■ **Instructions to follow**:
Look through the entries that follow and return each line that has the string "normedModType".

■ **Supplied data**:
=== Begin Enclosure ===
Lemma derive_bigsum (V W : normedModType R) (I : Type) (r : seq I)
    (F : I -> V -> W) x v :
  (forall i, differentiable (F i) x) ->
  'D_v (fun y => \sum_(i <- r) F i y) x = \sum_(i <- r) 'D_v (F i) x.
Proof.
move=> dF; elim: r => [|i r IH].
  by under eq_fun do rewrite big_nil; rewrite big_nil derive_cst.
under eq_fun do rewrite big_cons; rewrite big_cons -IH.
by rewrite deriveD //; apply: diff_derivable; [|exact: differentiable_bigsum].
Qed.

(* [deriveD] and [deriveM] in the pointwise form needed to rewrite under binders. *)
Lemma derive_add (V W : normedModType R) (f g : V -> W) x v :
  derivable f x v -> derivable g x v ->
  'D_v (fun y => f y + g y) x = 'D_v f x + 'D_v g x.
Proof. exact: deriveD. Qed.

Lemma derive_mul (V : normedModType R) (f g : V -> R) x v :
  derivable f x v -> derivable g x v ->
  'D_v (fun y => f y * g y) x = f x * 'D_v g x + g x * 'D_v f x.
Proof. exact: deriveM. Qed.

Lemma derive_coord m n (M b : 'M[R]_(m, n)) i j :
  'D_b (fun N : 'M[R]_(m, n) => N i j) M = b i j.
Proof. by rewrite -{2}(derive_id M b) derive_mx ?mxE //; exact: derivable_id. Qed.

Lemma derive_mxE (V : normedModType R) m n (f : V -> 'M[R]_(m, n)) x v i j :
  derivable f x v -> 'D_v f x i j = 'D_v (fun y => f y i j) x.
Proof. by move=> df; rewrite derive_mx // mxE. Qed.

Lemma differentiable_mx (V : normedModType R) m n (f : V -> 'M[R]_(m, n)) x :
  (forall i j, differentiable (fun y => f y i j) x) -> differentiable f x.
Proof.
move=> df; rewrite (_ : f = fun y => \sum_i \sum_j f y i j *: delta_mx i j).
  by do 2!apply: differentiable_bigsum => ?; exact: differentiableZl.
by apply/funext => y; rewrite [LHS]matrix_sum_delta.
Qed.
=== End Enclosure ===
■ **Written response**:
Lemma derive_bigsum (V W : normedModType R) (I : Type) (r : seq I)
Lemma derive_add (V W : normedModType R) (f g : V -> W) x v :
Lemma derive_mul (V : normedModType R) (f g : V -> R) x v :
Lemma derive_mxE (V : normedModType R) m n (f : V -> 'M[R]_(m, n)) x v i j :
Lemma differentiable_mx (V : normedModType R) m n (f : V -> 'M[R]_(m, n)) x :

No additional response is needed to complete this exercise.